> _Work item_
Write the data below out again, unchanged.

> _Data to use_
(* Let $K$ be a number field and let $E$, $a$, $b$, $\mathcal B$, $S_0$ be as in the context, with conditions (a)--(g) holding. For $t\in K\setminus\mathcal B$ let $E_t$ be the elliptic curve $y^2=x^3+a(t)x^2+b(t)x$ and $E'_t$ the elliptic curve $y^2=x^3-2a(t)x^2+(a(t)^2-4b(t))x$ over $K$. Then for all but finitely many nonzero prime ideals $\mathfrak p\notin S_0$ of $\mathcal O_K$, if $t\in K\setminus\mathcal B$ satisfies $v_{\mathfrak p}(t)<0$, then $E_t$ and $E'_t$ both have good reduction at $\mathfrak p$.
   Context: Identify $K(T)$ with the function field of $\mathbb P^1_K$, and $\mathbb P^1(K)=K\cup\{\infty\}$. $E$ is an elliptic curve over $K(T)$ given by $y^2=x^3+ax^2+bx$ with $a,b\in\mathcal O_K[T]$, minimal over $K[T]$, with $2$-torsion point $(0,0)$; $E'$ is $y^2=x^3-2ax^2+(a^2-4b)x$; $\Delta=16(a^2-4b)b^2$. $\delta_E,\delta_{E'}$ into $K(T)^\times/(K(T)^\times)^2$ are the connecting homomorphisms for the dual isogeny and the $2$-isogeny $E\to E'$ with kernel $\langle(0,0)\rangle$: $\delta_E(O)=1$, $\delta_E((0,0))=b$, $\delta_E((x,y))=x$ otherwise; $\delta_{E'}(O)=1$, $\delta_{E'}((0,0))=a^2-4b$, $\delta_{E'}((x,y))=x$ otherwise (modulo squares). For closed points $P$ of $\mathbb P^1_K$, Tate's algorithm over $K(T)_P$ gives Kodaira symbols, reduction types, Tamagawa numbers $c_P$. $\mathcal B$: closed points of bad reduction of $E$; $\mathcal A\subseteq\mathcal B$: additive ones; $\mathcal M$: $P\in\mathcal B\setminus\mathcal A$ where $E,E'$ have symbols $\mathrm I_{2n},\mathrm I_n$ ($n\ge1$); $\mathcal M'$: those with $\mathrm I_n,\mathrm I_{2n}$. Assume $\mathcal B\subseteq\mathcal O_K\subseteq\mathbb P^1(K)$ (so $E$ has good reduction at $\infty$) and: (a) every point of $\mathcal B$ has degree $1$; (b) $\mathcal M,\mathcal M'\ne\emptyset$; (c) for $P\in\mathcal M$, $E'$ is split multiplicative at $P$ or has symbol $\mathrm I_n$, $n$ odd; (d) for $P\in\mathcal M'$, $E$ is split multiplicative at $P$ or has symbol $\mathrm I_n$, $n$ odd; (e) if $E$ has symbol $\mathrm I_n^*$ at $P\in\mathcal A$ then $c_P(E)=c_P(E')=4$; (f) $\dim_{\mathbb F_2}\delta_E(E(K(T)))\ge|\mathcal A|+|\mathcal M|-1$; (g) $\dim_{\mathbb F_2}\delta_{E'}(E'(K(T)))\ge|\mathcal A|+|\mathcal M'|-1$. $S_0$ is a finite set of nonzero prime ideals of $\mathcal O_K$ containing all those dividing $6\prod_{\alpha,\beta\in\mathcal B,\alpha\ne\beta}(\alpha-\beta)$ or dividing the leading coefficient of $\Delta$, such that $\mathcal O_{K,S_0}$ is a PID. $v_{\mathfrak p}$ denotes the normalized $\mathfrak p$-adic valuation. *)

From HB Require Import structures.
From mathcomp Require Import all_boot all_order all_algebra all_field.
Set Implicit Arguments.
Unset Strict Implicit.
Unset Printing Implicit Defensive.
Import GRing.Theory.
Local Open Scope ring_scope.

> _Answer area_
(* Let $K$ be a number field and let $E$, $a$, $b$, $\mathcal B$, $S_0$ be as in the context, with conditions (a)--(g) holding. For $t\in K\setminus\mathcal B$ let $E_t$ be the elliptic curve $y^2=x^3+a(t)x^2+b(t)x$ and $E'_t$ the elliptic curve $y^2=x^3-2a(t)x^2+(a(t)^2-4b(t))x$ over $K$. Then for all but finitely many nonzero prime ideals $\mathfrak p\notin S_0$ of $\mathcal O_K$, if $t\in K\setminus\mathcal B$ satisfies $v_{\mathfrak p}(t)<0$, then $E_t$ and $E'_t$ both have good reduction at $\mathfrak p$.
   Context: Identify $K(T)$ with the function field of $\mathbb P^1_K$, and $\mathbb P^1(K)=K\cup\{\infty\}$. $E$ is an elliptic curve over $K(T)$ given by $y^2=x^3+ax^2+bx$ with $a,b\in\mathcal O_K[T]$, minimal over $K[T]$, with $2$-torsion point $(0,0)$; $E'$ is $y^2=x^3-2ax^2+(a^2-4b)x$; $\Delta=16(a^2-4b)b^2$. $\delta_E,\delta_{E'}$ into $K(T)^\times/(K(T)^\times)^2$ are the connecting homomorphisms for the dual isogeny and the $2$-isogeny $E\to E'$ with kernel $\langle(0,0)\rangle$: $\delta_E(O)=1$, $\delta_E((0,0))=b$, $\delta_E((x,y))=x$ otherwise; $\delta_{E'}(O)=1$, $\delta_{E'}((0,0))=a^2-4b$, $\delta_{E'}((x,y))=x$ otherwise (modulo squares). For closed points $P$ of $\mathbb P^1_K$, Tate's algorithm over $K(T)_P$ gives Kodaira symbols, reduction types, Tamagawa numbers $c_P$. $\mathcal B$: closed points of bad reduction of $E$; $\mathcal A\subseteq\mathcal B$: additive ones; $\mathcal M$: $P\in\mathcal B\setminus\mathcal A$ where $E,E'$ have symbols $\mathrm I_{2n},\mathrm I_n$ ($n\ge1$); $\mathcal M'$: those with $\mathrm I_n,\mathrm I_{2n}$. Assume $\mathcal B\subseteq\mathcal O_K\subseteq\mathbb P^1(K)$ (so $E$ has good reduction at $\infty$) and: (a) every point of $\mathcal B$ has degree $1$; (b) $\mathcal M,\mathcal M'\ne\emptyset$; (c) for $P\in\mathcal M$, $E'$ is split multiplicative at $P$ or has symbol $\mathrm I_n$, $n$ odd; (d) for $P\in\mathcal M'$, $E$ is split multiplicative at $P$ or has symbol $\mathrm I_n$, $n$ odd; (e) if $E$ has symbol $\mathrm I_n^*$ at $P\in\mathcal A$ then $c_P(E)=c_P(E')=4$; (f) $\dim_{\mathbb F_2}\delta_E(E(K(T)))\ge|\mathcal A|+|\mathcal M|-1$; (g) $\dim_{\mathbb F_2}\delta_{E'}(E'(K(T)))\ge|\mathcal A|+|\mathcal M'|-1$. $S_0$ is a finite set of nonzero prime ideals of $\mathcal O_K$ containing all those dividing $6\prod_{\alpha,\beta\in\mathcal B,\alpha\ne\beta}(\alpha-\beta)$ or dividing the leading coefficient of $\Delta$, such that $\mathcal O_{K,S_0}$ is a PID. $v_{\mathfrak p}$ denotes the normalized $\mathfrak p$-adic valuation. *)

From HB Require Import structures.
From mathcomp Require Import all_boot all_order all_algebra all_field.
Set Implicit Arguments.
Unset Strict Implicit.
Unset Printing Implicit Defensive.
Import GRing.Theory.
Local Open Scope ring_scope.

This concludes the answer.